» **About this task**: The span to repeat in the listing below runs from the line containing "by apply: (ideal_hcomp" to the line containing "eapply Rle_trans; [unfold", inclusive. Repeat it exactly, and only it.

» **Exercise input**:

Section QuotientLieSA.
Variables (K : numFieldType) (V : lmodType K) (G : LieSA V) (I : V -> Prop).
Hypothesis I0 : I 0.
Hypothesis Ilin : forall a x y, I x -> I y -> I (a *: x + y).
Hypothesis ideal_l : forall v y, I y -> I (br G v y).
Hypothesis ideal_graded : forall y, I y -> exists t : seq (int * V),
  (forall p, p \in t -> I p.2 /\ deg G p.1 p.2) /\ y = \sum_(p <- t) p.2.
Hypothesis ideal_local : forall y k, I y -> deg G k y -> is_local_deg k -> y = 0.
Hypothesis hG : locally_generated G.

Local Notation quot := (quotmod I0 Ilin).
Local Notation qproj := (qproj I0 Ilin).

Let sub_closed_sum (J : Type) (r : seq J) (P : pred J) (F : J -> V) :
  (forall i, P i -> I (F i)) -> I (\sum_(i <- r | P i) F i).
Proof. by move=> hF; apply: big_ind => //; exact: sub_closedD. Qed.

Lemma ideal_r v y : I y -> I (br G y v).
Proof.
case/ideal_graded=> t [ht ->]; have [l [c [hc ->]]] := deg_span G v.
rewrite br_suml big_seq; apply: sub_closed_sum => p /ht [Ip dp].
rewrite br_sumr; apply: sub_closed_sum => k _; rewrite (br_anti dp (hc k)).
by apply/(sub_closedN I0 Ilin)/(sub_closedZ I0 Ilin)/ideal_l.
Qed.

Lemma ideal_hcomp y u : I y -> graded_seq G u -> y = \sum_(p <- u) p.2 ->
  forall k, I (hcomp u k).
Proof.
move=> /ideal_graded [t [ht yt]] gu yu k.
pose w := u ++ [seq (p.1, - p.2) | p <- t].
have gw : graded_seq G w.
  by move=> p; rewrite mem_cat => /orP[/gu //|/mapP[q /ht [_ hq] ->]]; exact: degN.
have w0 : \sum_(p <- w) p.2 = 0 by rewrite big_cat big_map sumrN -yu -yt; exact: subrr.
move: (hcomp_eq0 gw w0 k) => /eqP; rewrite /hcomp big_cat big_map sumrN subr_eq0 => /eqP ->.
by rewrite big_seq_cond; apply: sub_closed_sum => p /andP[/ht[]].
Qed.

Lemma ideal_local_eq x x' k k' : is_local_deg k -> is_local_deg k' ->
  deg G k x -> deg G k' x' -> I (x - x') -> x = x'.
Proof.
move=> hk hk' hx hx' hI; pose u := [:: (k, x); (k', - x')].
have gu : graded_seq G u.
  by move=> p; rewrite !inE => /orP[] /eqP -> //; exact: degN.
have u0 j : is_local_deg j -> hcomp u j = 0.
  move=> hj; apply: ideal_local _ (hcomp_deg j gu) hj.
  by apply: (ideal_hcomp hI gu); rewrite big_cons big_seq1.
have := u0 _ hk; have := u0 _ hk'; rewrite /hcomp !big_cons big_nil /=.
case: (eqVneq k k') => [<- | ne]; rewrite !eqxx big_nil.
  by rewrite !addr0 => /eqP; rewrite subr_eq0 => /eqP.
by rewrite !addr0 => /eqP; rewrite oppr_eq0 => /eqP -> ->.
Qed.

Definition qbr (a b : quot) : quot := qproj (br G (repr a) (repr b)).
Definition qdeg k (q : quot) := exists2 v, deg G k v & q = qproj v.
Lemma is_Cseries_ext a b l : (forall k, a k = b k) -> is_Cseries a l -> is_Cseries b l.
Proof. apply (is_series_ext (V := C_NormedModule)). Qed.

Lemma is_Cseries_shift (a : nat -> C) l : a 0%nat = 0%C -> is_Cseries a l -> is_Cseries (fun k => a (S k)) l.
Proof.
  intros H0 H. apply (is_series_incr_1 (V := C_NormedModule) a l).
  rewrite H0. change (plus l (RtoC 0)) with (l + 0)%C. rewrite Cplus_0_r. exact H.
Qed.

Lemma is_Cseries_bounded a l : is_Cseries a l -> exists M, forall k, Cmod (a k) <= M.
Proof.
  intros H.
  destruct (proj1 (filterlim_locally_ball_norm (K := C_AbsRing) (U := C_NormedModule)
    (F := eventually) (sum_n a) l) H (mkposreal 1 Rlt_0_1)) as [N HN].
  set (Sa := rsum (S N) (fun k => Cmod (a k))).
  assert (HS : 0 <= Sa) by (apply rsum_ge0; intros; apply Cmod_ge_0).
  exists (2 + Sa). intros k. destruct (le_lt_dec k N) as [Hk|Hk].
  - assert (Cmod (a k) <= Sa); [|lra].
    unfold Sa. clear -Hk. induction N; simpl.
    + replace k with 0%nat by lia. pose proof (Cmod_ge_0 (a 0%nat)). lra.
    + destruct (Nat.eq_dec k (S N)) as [->|Hne].
      * pose proof (rsum_ge0 (S N) (fun k => Cmod (a k)) (fun k _ => Cmod_ge_0 _)).
        simpl in H. lra.
      * specialize (IHN ltac:(lia)). pose proof (Cmod_ge_0 (a (S N))). simpl in IHN. lra.
  - destruct k as [|k]; [lia|].
    pose proof (HN k ltac:(lia)) as H1. pose proof (HN (S k) ltac:(lia)) as H2.
    unfold ball_norm in H1, H2. simpl in H1, H2.
    change (Cmod (@sum_n C_AbelianMonoid a k - l)%C < 1) in H1.
    change (Cmod (@sum_n C_AbelianMonoid a (S k) - l)%C < 1) in H2.
    rewrite !sum_n_csum in *. simpl csum in *.
    replace (a (S k)) with ((csum k a + a k + a (S k) - l) - (csum k a + a k - l))%C by ring.
    eapply Rle_trans; [unfold Cminus at 1; apply Cmod_triangle|].
    rewrite Cmod_opp. lra.
Qed.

» **Exercise output**:
  by apply: (ideal_hcomp hI gu); rewrite big_cons big_seq1.
have := u0 _ hk; have := u0 _ hk'; rewrite /hcomp !big_cons big_nil /=.
case: (eqVneq k k') => [<- | ne]; rewrite !eqxx big_nil.
  by rewrite !addr0 => /eqP; rewrite subr_eq0 => /eqP.
by rewrite !addr0 => /eqP; rewrite oppr_eq0 => /eqP -> ->.
Qed.

Definition qbr (a b : quot) : quot := qproj (br G (repr a) (repr b)).
Definition qdeg k (q : quot) := exists2 v, deg G k v & q = qproj v.
Lemma is_Cseries_ext a b l : (forall k, a k = b k) -> is_Cseries a l -> is_Cseries b l.
Proof. apply (is_series_ext (V := C_NormedModule)). Qed.

Lemma is_Cseries_shift (a : nat -> C) l : a 0%nat = 0%C -> is_Cseries a l -> is_Cseries (fun k => a (S k)) l.
Proof.
  intros H0 H. apply (is_series_incr_1 (V := C_NormedModule) a l).
  rewrite H0. change (plus l (RtoC 0)) with (l + 0)%C. rewrite Cplus_0_r. exact H.
Qed.

Lemma is_Cseries_bounded a l : is_Cseries a l -> exists M, forall k, Cmod (a k) <= M.
Proof.
  intros H.
  destruct (proj1 (filterlim_locally_ball_norm (K := C_AbsRing) (U := C_NormedModule)
    (F := eventually) (sum_n a) l) H (mkposreal 1 Rlt_0_1)) as [N HN].
  set (Sa := rsum (S N) (fun k => Cmod (a k))).
  assert (HS : 0 <= Sa) by (apply rsum_ge0; intros; apply Cmod_ge_0).
  exists (2 + Sa). intros k. destruct (le_lt_dec k N) as [Hk|Hk].
  - assert (Cmod (a k) <= Sa); [|lra].
    unfold Sa. clear -Hk. induction N; simpl.
    + replace k with 0%nat by lia. pose proof (Cmod_ge_0 (a 0%nat)). lra.
    + destruct (Nat.eq_dec k (S N)) as [->|Hne].
      * pose proof (rsum_ge0 (S N) (fun k => Cmod (a k)) (fun k _ => Cmod_ge_0 _)).
        simpl in H. lra.
      * specialize (IHN ltac:(lia)). pose proof (Cmod_ge_0 (a (S N))). simpl in IHN. lra.
  - destruct k as [|k]; [lia|].
    pose proof (HN k ltac:(lia)) as H1. pose proof (HN (S k) ltac:(lia)) as H2.
    unfold ball_norm in H1, H2. simpl in H1, H2.
    change (Cmod (@sum_n C_AbelianMonoid a k - l)%C < 1) in H1.
    change (Cmod (@sum_n C_AbelianMonoid a (S k) - l)%C < 1) in H2.
    rewrite !sum_n_csum in *. simpl csum in *.
    replace (a (S k)) with ((csum k a + a k + a (S k) - l) - (csum k a + a k - l))%C by ring.
    eapply Rle_trans; [unfold Cminus at 1; apply Cmod_triangle|].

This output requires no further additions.